What this task involves – Give back exactly the stretch of data below from the line holding "by rewrite normrM" through the line holding "exists (\sum_i abs_row_sum_sqr", both ends included, and leave the remaining lines out.

Source information –
Section BlockSumIdentity.
Variables (L : {set 'I_n}) (u w : 'I_n -> 'cV[R]_D).
Hypothesis u_in : forall i, i \in L -> inS B i (u i).
Hypothesis w_in : forall j, j \notin L -> inS B j (w j).
Hypothesis sum_uw : \sum_(i in L) u i = \sum_(j in ~: L) w j.

Lemma norm2_le_mu_sum i : i \in L ->
  norm2 (u i) <= \sum_(j in ~: L) mu B i j * norm2 (w j) +
                 \sum_(i' in L :\ i) mu B i i' * norm2 (u i').
Proof.
move=> iL; set rhs := (X in _ <= X).
have rhs_ge0 : 0 <= rhs.
  by rewrite addr_ge0 // sumr_ge0 // => j _; rewrite mulr_ge0 ?mu_ge0 ?norm2_ge0.
have ui_eq : u i = \sum_(j in ~: L) w j - \sum_(i' in L :\ i) u i'.
  by rewrite -sum_uw (big_setD1 i iL) /= addrK.
have : norm2 (u i) ^+ 2 <= norm2 (u i) * rhs.
  rewrite sqr_norm2_dot {2}ui_eq dot_colB !dot_col_sumr.
  apply: le_trans (ler_norm _) _; apply: le_trans (ler_normB _ _) _.
  rewrite /rhs mulrDr !mulr_sumr.
  apply: lerD; apply: le_trans (ler_norm_sum _ _ _) _; apply: ler_sum => j jL;
    rewrite mulrCA mulrA; apply: ler_dot_mu (u_in iL) _.
  - by apply: w_in; rewrite finset.in_setC in jL.
  - by apply: u_in; rewrite finset.in_setD1 in jL; case/andP: jL.
have [->|ui_neq0] := eqVneq (norm2 (u i)) 0; first by [].
by rewrite expr2 ler_pM2l // lt_def ui_neq0 norm2_ge0.
Qed.

Lemma coherence_sum_bound k : #|L| = k ->
  (1 - zeta B k.-1) * \sum_(i in L) norm2 (u i) <= zeta B k * \sum_(j in ~: L) norm2 (w j).
Proof.
move=> cardL.
have sum_u : \sum_(i in L) norm2 (u i) <= \sum_(i in L)
    (\sum_(j in ~: L) mu B i j * norm2 (w j) + \sum_(i' in L :\ i) mu B i i' * norm2 (u i')).
  by apply: ler_sum => i; apply: norm2_le_mu_sum.
have off_L : \sum_(i in L) \sum_(j in ~: L) mu B i j * norm2 (w j) <=
             zeta B k * \sum_(j in ~: L) norm2 (w j).
  rewrite exchange_big /= mulr_sumr; apply: ler_sum => j jL.
  rewrite -mulr_suml ler_wpM2r ?norm2_ge0 //.
  under eq_bigr => i _ do rewrite mu_sym.
  by apply: sum_mu_le_zeta; rewrite finset.in_setC in jL.
have in_L : \sum_(i in L) \sum_(i' in L :\ i) mu B i i' * norm2 (u i') <=
            zeta B k.-1 * \sum_(i in L) norm2 (u i).
  rewrite exchange_big_setD1 mulr_sumr; apply: ler_sum => i' i'L.
  rewrite -mulr_suml ler_wpM2r ?norm2_ge0 //.
  under eq_bigr => i _ do rewrite mu_sym.
  apply: sum_mu_le_zeta; last by rewrite !inE eqxx.
  by rewrite -cardL (cardsD1 i' L) i'L.
move: sum_u; rewrite big_split /=; lra.
Qed.

End BlockSumIdentity.
End Coherence.

Section MatrixFacts.
Variable R : realType.

Lemma big_fibre_inj r p (f : 'I_r -> 'I_p) (g : R -> R) (x : 'I_r -> R) :
  injective f -> g 0 = 0 ->
  \sum_k g (\sum_(a | f a == k) x a) = \sum_a g (x a).
Proof.
move=> f_inj g0; rewrite [RHS](partition_big f predT) //=; apply: eq_bigr => k _.
have [a /eqP fa|no_a] := pickP (fun a => f a == k); last by rewrite !big_pred0.
by rewrite !(big_pred1 a) // => b; rewrite /= -fa (inj_eq f_inj).
Qed.

Lemma colsub1_mulE r p (f : 'I_r -> 'I_p) (u : 'cV[R]_r) k :
  (colsub f 1%:M *m u) k 0 = \sum_(a | f a == k) u a 0.
Proof.
rewrite mxE [RHS]big_mkcond; apply: eq_bigr => a _.
by rewrite !mxE eq_sym; case: eqP; rewrite ?mul1r ?mul0r.
Qed.

Lemma normq_colsub1_mul q r p (f : 'I_r -> 'I_p) (u : 'cV[R]_r) : injective f -> 0 < q ->
  normq q (colsub f 1%:M *m u) = normq q u.
Proof.
move=> f_inj q0; rewrite !normqE /sum_powq.
under eq_bigr => k _ do rewrite colsub1_mulE.
by rewrite (big_fibre_inj (g := fun t : R => powR `|t| q)) // normr0 powR0 ?gt_eqF.
Qed.

Lemma colsub_mul_colsub1 D p r (M : 'M[R]_(D, p)) (f : 'I_r -> 'I_p) :
  colsub f M = M *m colsub f 1%:M.
Proof. by rewrite mulmx_colsub mulmx1. Qed.

Lemma colsub_rank_inj D p (M : 'M[R]_(D, p)) (f : 'I_(\rank M) -> 'I_p) :
  \rank (colsub f M) = \rank M -> injective f.
Proof.
move=> rk_f a b fab.
have /row_free_inj : row_free (colsub f M)^T by rewrite /row_free mxrank_tr rk_f.
move=> /(_ 1 (delta_mx 0 a) (delta_mx 0 b)).
rewrite -!rowE -!tr_col !col_colsub fab => /(_ erefl) /matrixP /(_ 0 a) /eqP.
by rewrite !mxE !eqxx /=; case: (a =P b); rewrite // oner_eq0.
Qed.

Lemma colsub_rank_span D p (M : 'M[R]_(D, p)) (f : 'I_(\rank M) -> 'I_p) :
  \rank (colsub f M) = \rank M -> forall w : 'cV[R]_p, exists u, M *m w = colsub f M *m u.
Proof.
move=> rk_f w.
have sub_fM : ((colsub f M)^T <= M^T)%MS.
  by rewrite colsub_mul_colsub1 trmx_mul submxMl.
have sub_Mf : (M^T <= (colsub f M)^T)%MS.
  by rewrite -(mxrank_leqif_sup sub_fM).2 !mxrank_tr rk_f.
have /submxP [X eX] : (w^T *m M^T <= (colsub f M)^T)%MS := submx_trans (submxMl _ _) sub_Mf.
by exists X^T; apply: trmx_inj; rewrite trmx_mul eX trmx_mul trmxK.
Qed.

Definition abs_row_sum_sqr D p (N : 'M[R]_(D, p)) : R := \sum_d (\sum_a `|N d a|) ^+ 2.

Lemma abs_row_sum_sqr_ge0 D p (N : 'M[R]_(D, p)) : 0 <= abs_row_sum_sqr N.
Proof. by apply: sumr_ge0 => d _; apply: sqr_ge0. Qed.

Lemma sqr_norm2_mulmx_le q D p (N : 'M[R]_(D, p)) (c : 'cV[R]_p) : 0 < q ->
  norm2 (N *m c) ^+ 2 <= abs_row_sum_sqr N * normq q c ^+ 2.
Proof.
move=> q0; rewrite sqr_norm2 /abs_row_sum_sqr mulr_suml; apply: ler_sum => d _.
rewrite -exprMn -[X in X <= _]real_normK ?num_real //.
apply: lerXn2r; rewrite ?nnegrE ?normr_ge0 ?mulr_ge0 ?normq_ge0 ?sumr_ge0 //.
rewrite mxE mulr_suml; apply: le_trans (ler_norm_sum _ _ _) _; apply: ler_sum => a _.
by rewrite normrM ler_wpM2l // normq_entry_le.
Qed.

End MatrixFacts.

Section RipConstants.
Variables (R : realType) (D n : nat) (m : 'I_n -> nat).
Variable B : forall i : 'I_n, 'M[R]_(D, m i).
Variable q : R.
Hypothesis q_gt0 : 0 < q.

Lemma upper_rip_le s s' : upper_rip B q s -> s <= s' -> upper_rip B q s'.
Proof.
by move=> ups ss' i c; apply: le_trans (ups i c) _; rewrite ler_wpM2r ?sqr_ge0 ?lerD2l.
Qed.

Lemma intra_rip_le e e' : intra_rip B q e -> e <= e' -> intra_rip B q e'.
Proof.
move=> rip ee' i; have [f [rk_f bnd]] := rip i; exists f; split => // cb.
have /andP[lo up] := bnd cb; have N0 := sqr_ge0 (normq q cb); apply/andP; split.
  by apply: le_trans lo; rewrite ler_wpM2r // lerD2l lerN2.
by apply: le_trans up _; rewrite ler_wpM2r // lerD2l.
Qed.

(* Without the two existence lemmas, [sigma_q] and [eps_q] could be infima of empty
   sets, whose junk value is [0]. *)
Lemma upper_rip_exists : exists s, 0 <= s /\ upper_rip B q s.
Proof.
have S0 i : 0 <= abs_row_sum_sqr (B i) by apply: abs_row_sum_sqr_ge0.
exists (\sum_i abs_row_sum_sqr (B i)); split => [|i c]; first exact: sumr_ge0.
apply: le_trans (sqr_norm2_mulmx_le _ _ q_gt0) _; rewrite ler_wpM2r ?sqr_ge0 //.
by rewrite (bigD1 i) //= addrCA lerDl addr_ge0 ?sumr_ge0.
Qed.

(* On a maximal independent set of columns, the coefficient lift [colsub f 1%:M] is an
   l_q isometry, so the upper bound is inherited from [upper_rip]; the lower bound is void
   since [1 - (1 + s) <= 0]. *)
Lemma intra_rip_of_upper s : 0 <= s -> upper_rip B q s -> intra_rip B q (1 + s).
Proof.
move=> s0 ups i; rewrite -(mxrank_tr (B i)); exists (maxrankfun (B i)^T); split.
  rewrite -mxrank_tr trmx_mxsub; apply/eqmx_rank/eqmxP; exact: eq_maxrowsub.
move=> cb; apply/andP; split.
  by apply: le_trans (sqr_ge0 _); rewrite mulr_le0_ge0 ?sqr_ge0 // subr_le0 lerDl.
rewrite colsub_mul_colsub1 -mulmxA; apply: le_trans (ups i _) _.
by rewrite normq_colsub1_mul // ?ler_wpM2r ?sqr_ge0 ?lerD2r ?lerDr //; apply: maxrankfun_inj.
Qed.

Lemma intra_rip_exists : exists e, 0 <= e /\ intra_rip B q e.
Proof.
have [s [s0 ups]] := upper_rip_exists.
by exists (1 + s); split; [rewrite addr_ge0 | apply: intra_rip_of_upper].
Qed.

Lemma eps_q_ge0 : 0 <= eps_q B q.
Proof. by apply: lb_le_inf => [|e []//]; have [e ?] := intra_rip_exists; exists e. Qed.

Lemma sigma_q_ge0 : 0 <= sigma_q B q.
Proof. by apply: lb_le_inf => [|s []//]; have [s ?] := upper_rip_exists; exists s. Qed.

Lemma intra_rip_gt_eps e : eps_q B q < e -> intra_rip B q e.
Proof.
move=> lt_e; have [|e0 [_ rip0] /ltW] := inf_lt _ lt_e; last exact: intra_rip_le.
by have [e0 ?] := intra_rip_exists; exists e0.
Qed.

Lemma upper_rip_gt_sigma s : sigma_q B q < s -> upper_rip B q s.
Proof.
move=> lt_s; have [|s0 [_ ups0] /ltW] := inf_lt _ lt_s; last exact: upper_rip_le.
by have [s0 ?] := upper_rip_exists; exists s0.
Qed.

Lemma inS_intra_rip e i (u : 'cV[R]_D) : intra_rip B q e -> inS B i u ->
  exists v, B i *m v = u /\ (1 - e) * normq q v ^+ 2 <= norm2 u ^+ 2.
Proof.
move=> rip [w ->]; have [f [rk_f bnd]] := rip i.
have [ub ->] := colsub_rank_span rk_f w.
exists (colsub f 1%:M *m ub); split; first by rewrite mulmxA -colsub_mul_colsub1.
rewrite normq_colsub1_mul //; last exact: colsub_rank_inj rk_f.
by case/andP: (bnd ub).
Qed.

End RipConstants.

Section Arithmetic.
Variable R : realType.

Lemma sqrtr_mul_sqr (a x : R) : 0 <= x -> Num.sqrt a * x = Num.sqrt (a * x ^+ 2).
Proof.
move=> x0; have [a_lt0|a0] := ltrP a 0; last by rewrite sqrtrM // sqrtr_sqr ger0_norm.
by rewrite ltr0_sqrtr // mul0r ler0_sqrtr // mulr_le0_ge0 ?sqr_ge0 // ltW.
Qed.

Lemma coherence_condition_sqr (E S Z0 Z1 : R) : 0 <= E -> 0 <= S -> 0 <= Z0 -> 0 <= Z1 ->
  Num.sqrt ((1 + S) / (1 + E)) * Z1 + Z0 < (1 - E) / (1 + E) ->
  Z0 < 1 /\ Z1 ^+ 2 * (1 + S) < (1 - E) * (1 - Z0) ^+ 2.
Proof.
move=> E0 S0 Z00 Z10; have E1 : 0 < 1 + E by rewrite ltr_wpDr.
have ha : Num.sqrt ((1 + S) / (1 + E)) ^+ 2 * (1 + E) = 1 + S.
  by rewrite sqr_sqrtr ?divfK ?gt_eqF // divr_ge0 ?addr_ge0 // ltW.
have hr : (1 - E) / (1 + E) * (1 + E) = 1 - E by rewrite divfK ?gt_eqF.
have a0 := sqrtr_ge0 ((1 + S) / (1 + E)).
move: (Num.sqrt _) ((1 - E) / (1 + E)) ha hr a0 => a r ha hr a0 cond.
have r1 : r <= 1 by nra.
have aZ : 0 <= a * Z1 by apply: mulr_ge0.
split; first by lra.
have h1 : (a * Z1) ^+ 2 < (r - Z0) ^+ 2 by nra.
(* [(r - Z0)^2 <= r (1 - Z0)^2] because [Z0^2 <= Z0 < r <= 1] *)
have h2 : (r - Z0) ^+ 2 <= r * (1 - Z0) ^+ 2.
  have : 0 <= (1 - r) * (r - Z0 ^+ 2) by apply: mulr_ge0; nra.
  have -> : r * (1 - Z0) ^+ 2 = (r - Z0) ^+ 2 + (1 - r) * (r - Z0 ^+ 2) by ring.
  lra.
have -> : Z1 ^+ 2 * (1 + S) = (a * Z1) ^+ 2 * (1 + E) by rewrite -ha; ring.
have -> : (1 - E) * (1 - Z0) ^+ 2 = r * (1 - Z0) ^+ 2 * (1 + E) by rewrite -hr; ring.
nra.
Qed.

(* The condition is strict, so it survives replacing [E] and [S] by slightly larger [e], [s];
   this is needed because [eps_q] and [sigma_q] are infima that need not be attained. *)
Lemma coherence_condition_slack (E S Z0 Z1 : R) :
  0 <= E -> 0 <= S -> 0 <= Z0 -> 0 <= Z1 ->
  Num.sqrt ((1 + S) / (1 + E)) * Z1 + Z0 < (1 - E) / (1 + E) ->
  exists e s, [/\ E < e, S < s, Z0 < 1 &
                  Num.sqrt (1 + s) * Z1 < Num.sqrt (1 - e) * (1 - Z0)].
Proof.
move=> E0 S0 Z00 Z10 /coherence_condition_sqr[] // Z01 gap.
have : 0 < 1 - Z0 by rewrite subr_gt0.
move: (1 - Z0) gap => W gap W_gt0.
pose d := ((1 - E) * W ^+ 2 - Z1 ^+ 2 * (1 + S)) / (W ^+ 2 + Z1 ^+ 2 + 1).
have den_gt0 : 0 < W ^+ 2 + Z1 ^+ 2 + 1 by rewrite ltr_wpDl ?addr_ge0 ?sqr_ge0.
have d_gt0 : 0 < d by rewrite divr_gt0 // subr_gt0.
have d_den : d * (W ^+ 2 + Z1 ^+ 2 + 1) = (1 - E) * W ^+ 2 - Z1 ^+ 2 * (1 + S).
  by rewrite divfK ?gt_eqF.
have gap' : (1 + (S + d)) * Z1 ^+ 2 < (1 - (E + d)) * W ^+ 2 by nra.
exists (E + d), (S + d); split; rewrite ?ltrDl //.
have e_lt1 : 0 < 1 - (E + d) by nra.
by rewrite !sqrtr_mul_sqr ?(ltW W_gt0) // ltr_sqrt ?mulr_gt0 ?exprn_gt0.
Qed.

Lemma ler_cancel_split (o o' x y x' z d : R) : o <= o' -> o = x + y -> o' = x' + z ->
  z = 0 -> x' <= x + d -> y <= d.
Proof. lra. Qed.

Lemma chain_mul_le (al ga W Z1 A C U V : R) : 0 <= al -> 0 <= W -> 0 <= Z1 -> 0 < C ->
  C <= A -> al * A <= U -> W * U <= Z1 * V -> V <= ga * C -> al * W <= ga * Z1.
Proof.
move=> al0 W0 Z10 C0 CA AU UV VC; rewrite -(ler_pM2r C0).
have := ler_wpM2l (mulr_ge0 al0 W0) CA; have := ler_wpM2l W0 AU.
have := ler_wpM2l Z10 VC; nra.
Qed.

End Arithmetic.

Section Recovery.
Variables (R : realType) (D n : nat) (m : 'I_n -> nat).
Variable B : forall i : 'I_n, 'M[R]_(D, m i).
Variable q : R.
Hypothesis q_ge1 : 1 <= q.

Let q_gt0 : 0 < q := lt_le_trans ltr01 q_ge1.

Lemma optimal_off_support_le (L : {set 'I_n}) y c (v : forall i, 'cV[R]_(m i)) :
  optimal_lq_l1 B q y c -> y = \sum_(i in L) B i *m (c i + v i) ->
  \sum_(i in ~: L) normq q (c i) <= \sum_(i in L) normq q (v i).
Proof.
move=> [_ c_min] y_eq; pose c' i := if i \in L then c i + v i else 0.
have c'_feas : feasible B y c'.
  rewrite /feasible (big_setC_split L) [X in _ + X]big1 ?addr0 => [|i].
    by rewrite y_eq; apply: eq_bigr => i iL; rewrite /c' iL.
  by rewrite finset.in_setC /c' => /negbTE ->; rewrite mulmx0.
have c'_L : \sum_(i in L) normq q (c' i) <=
            \sum_(i in L) normq q (c i) + \sum_(i in L) normq q (v i).
  by rewrite -big_split; apply: ler_sum => i iL; rewrite /c' iL ler_normqD.
have c'_off : \sum_(i in ~: L) normq q (c' i) = 0.
  by apply: big1 => i; rewrite finset.in_setC /c' => /negbTE ->; rewrite normq0 // gt_eqF.
have obj_c : objective q c = \sum_(i in L) normq q (c i) + \sum_(i in ~: L) normq q (c i).
  exact: big_setC_split.
have obj_c' : objective q c' = \sum_(i in L) normq q (c' i) + \sum_(i in ~: L) normq q (c' i).
  exact: big_setC_split.
exact: ler_cancel_split (c_min c' c'_feas) obj_c obj_c' c'_off c'_L.
Qed.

Your solution –
by rewrite normrM ler_wpM2l // normq_entry_le.
Qed.

End MatrixFacts.

Section RipConstants.
Variables (R : realType) (D n : nat) (m : 'I_n -> nat).
Variable B : forall i : 'I_n, 'M[R]_(D, m i).
Variable q : R.
Hypothesis q_gt0 : 0 < q.

Lemma upper_rip_le s s' : upper_rip B q s -> s <= s' -> upper_rip B q s'.
Proof.
by move=> ups ss' i c; apply: le_trans (ups i c) _; rewrite ler_wpM2r ?sqr_ge0 ?lerD2l.
Qed.

Lemma intra_rip_le e e' : intra_rip B q e -> e <= e' -> intra_rip B q e'.
Proof.
move=> rip ee' i; have [f [rk_f bnd]] := rip i; exists f; split => // cb.
have /andP[lo up] := bnd cb; have N0 := sqr_ge0 (normq q cb); apply/andP; split.
  by apply: le_trans lo; rewrite ler_wpM2r // lerD2l lerN2.
by apply: le_trans up _; rewrite ler_wpM2r // lerD2l.
Qed.

(* Without the two existence lemmas, [sigma_q] and [eps_q] could be infima of empty
   sets, whose junk value is [0]. *)
Lemma upper_rip_exists : exists s, 0 <= s /\ upper_rip B q s.
Proof.
have S0 i : 0 <= abs_row_sum_sqr (B i) by apply: abs_row_sum_sqr_ge0.
exists (\sum_i abs_row_sum_sqr (B i)); split => [|i c]; first exact: sumr_ge0.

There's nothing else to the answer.